Tuesday

Bad Economy or not…poor management skills cost companies big time

In an article written By Dr. Travis Bradberry “No one influences an employee’s morale and productivity more than his or her supervisor. It’s that simple. Yet, as common as this knowledge may seem, it clearly hasn’t been enough to change the way that managers and organizations treat people.
In a recent survey, 64 percent of managers admit that they need to improve their management skills. When asked where they are supposed to focus, managers overwhelmingly say, “Bringing in the numbers,” and yet managers are most often fired for poor people skills.
Here are some more hard truths we face in the world of work:
• Approximately 50 percent of Americans are dissatisfied with their jobs.
• More than two-thirds of North Americans are actively considering leaving their current job.
• Thirty-two percent of employees spend at least twenty hours per month complaining about their boss.
• Employees whose manager often uses “seagull-type” behaviors are 30 percent more likely to develop coronary heart disease than employees of a manager who rarely exhibits these behaviors.
Few organizations recognize the degree to which managers are the vessels of a company’s culture, and even fewer work diligently, through training and coaching programs, to ensure that their vessels have the knowledge and skills that motivate employees to perform, feel satisfied, and love their jobs.
The Seagull Manager
Seagull managers frustrate and alienate those who need them the most by engaging in three behaviors which are the hallmarks of a disenfranchising and unproductive work environment:
Swooping: Rather than staying current and involved with their team’s performance, seagull managers swoop in on problems only at the last minute.

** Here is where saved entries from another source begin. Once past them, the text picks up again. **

(* Let $f\in\mathcal{H}$ be strongly non-polynomial with $f(t)\gg t^\delta$ for some $\delta>0$. Then: (i) the class $S(f,k)$ is non-empty for all sufficiently large $k$; (ii) for every $0<c<1$ sufficiently close to $1$, there exists $k_0\in\mathbb{N}$ such that the function $t\mapsto t^c$ belongs to $S(f,k_0)$; (iii) the class $S(f,k)$ does not contain all functions $t\mapsto t^c$ with $c$ sufficiently close to $1$ (i.e. there is no $c_0<1$ such that $t^c\in S(f,k)$ for all $c\in(c_0,1)$).
   Context: $\mathcal{H}$ is a fixed Hardy field (subfield of germs at $+\infty$ of real functions, closed under differentiation) containing the logarithmico-exponential functions, closed under composition and compositional inversion. $f$ is strongly non-polynomial if $t^d\prec f(t)\prec t^{d+1}$ for some integer $d\ge0$, where $f\prec g$ means $f/g\to0$; $f\gg g$ means $|g(t)|\le C|f(t)|$ eventually. For $k$ large enough that $f^{(k)}(t)\to0$, $S(f,k)=\{g\in\mathcal{H}:\ |f^{(k)}(t)|^{-1/k}\preceq g(t)\prec|f^{(k+1)}(t)|^{-1/(k+1)}\}$, where $u\preceq v$ means $\lim_{t\to\infty}|v(t)/u(t)|$ is non-zero (possibly infinite). *)

(* R : realType, functions R -> R viewed as germs at +oo. *)
From HB Require Import structures.
From mathcomp Require Import all_boot all_order all_algebra.
From mathcomp Require Import all_classical all_reals all_analysis.
Set Implicit Arguments. Unset Strict Implicit. Unset Printing Implicit Defensive.
Import Order.TTheory GRing.Theory Num.Theory.
Import numFieldNormedType.Exports.
Local Open Scope classical_set_scope.
Local Open Scope ring_scope.

Section Hardy.
Variable R : realType.

Definition eventeq (f g : R -> R) : Prop := \forall t \near +oo, f t = g t.

(* A Hardy field: a set of functions, stable under eventual equality (so it is
   really a set of germs at +oo), forming a subfield of the ring of germs, whose
   elements are eventually differentiable with derivative again in the set. *)
Record hardy_field (H : set (R -> R)) : Prop := {
  hf_germ : forall f g, H f -> eventeq f g -> H g;
  hf_one : H (fun=> 1);
  hf_add : forall f g, H f -> H g -> H (fun t => f t + g t);
  hf_opp : forall f, H f -> H (fun t => - f t);
  hf_mul : forall f g, H f -> H g -> H (fun t => f t * g t);
  hf_inv : forall f, H f -> ~ eventeq f (fun=> 0) ->
             exists2 g, H g & eventeq (fun t => f t * g t) (fun=> 1);
  hf_diff : forall f, H f ->
             (\forall t \near +oo, derivable f t 1) /\ H (derive1 f)
}.

(* Logarithmico-exponential (Hardy L-) functions: syntax *)
Inductive LEterm : Type :=
  | LE_cst of R
  | LE_id
  | LE_add of LEterm & LEterm
  | LE_opp of LEterm
  | LE_mul of LEterm & LEterm
  | LE_inv of LEterm
  | LE_exp of LEterm
  | LE_ln of LEterm.

Fixpoint LE_eval (e : LEterm) : R -> R :=
  match e with
  | LE_cst c => fun=> c
  | LE_id => id
  | LE_add a b => fun t => LE_eval a t + LE_eval b t
  | LE_opp a => fun t => - LE_eval a t
  | LE_mul a b => fun t => LE_eval a t * LE_eval b t
  | LE_inv a => fun t => (LE_eval a t)^-1
  | LE_exp a => fun t => expR (LE_eval a t)
  | LE_ln a => fun t => ln (LE_eval a t)
  end.

Fixpoint LE_wd (e : LEterm) : Prop :=
  match e with
  | LE_cst _ | LE_id => True
  | LE_add a b | LE_mul a b => LE_wd a /\ LE_wd b
  | LE_opp a | LE_exp a => LE_wd a
  | LE_inv a => LE_wd a /\ \forall t \near +oo, LE_eval a t != 0
  | LE_ln a => LE_wd a /\ \forall t \near +oo, 0 < LE_eval a t
  end.

Definition contains_LE (H : set (R -> R)) : Prop :=
  forall e, LE_wd e -> H (LE_eval e).

Definition hardy_closed_comp (H : set (R -> R)) : Prop :=
  forall f g, H f -> H g -> g x @[x --> +oo] --> +oo -> H (f \o g).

Squawking: Seagull managers have an unhealthy need for control, which leads to one-sided conversations and orders in the place of advice.
Dumping: People who work for a seagull manager are always waiting for the hammer to drop. Praise is infrequent or nonexistent. Mistakes are punished without constructive feedback or opportunity for improvement.
The Three Virtues of Superior Managers
In the course of my work with organizations large and small, I’ve witnessed a peculiar common trait among the most successful enterprises. These companies step confidently beyond the success strategies of conventional business wisdom—brand strength, strategic leadership, technological innovation, customer service, and the like—to leverage the single greatest resource inside every company: its people.
To date, the TalentSmart Study has analyzed more than 150,000 managers in every industry, at every level of management, and in a wide variety of job functions. We’ve found that superior managers—those who lead their teams to the highest levels of performance and job satisfaction—often share three critical habits. Those three habits are:

1) Set clear expectations: Superior managers ensure that employees’ efforts are spent doing the right things the right way. This means thoroughly exploring what is required of employees, how their performance will be evaluated in the future, and getting agreement and commitment to work toward established goals. There is a big difference between telling people what’s expected of them and making sure that what they’ll be doing is completely understood.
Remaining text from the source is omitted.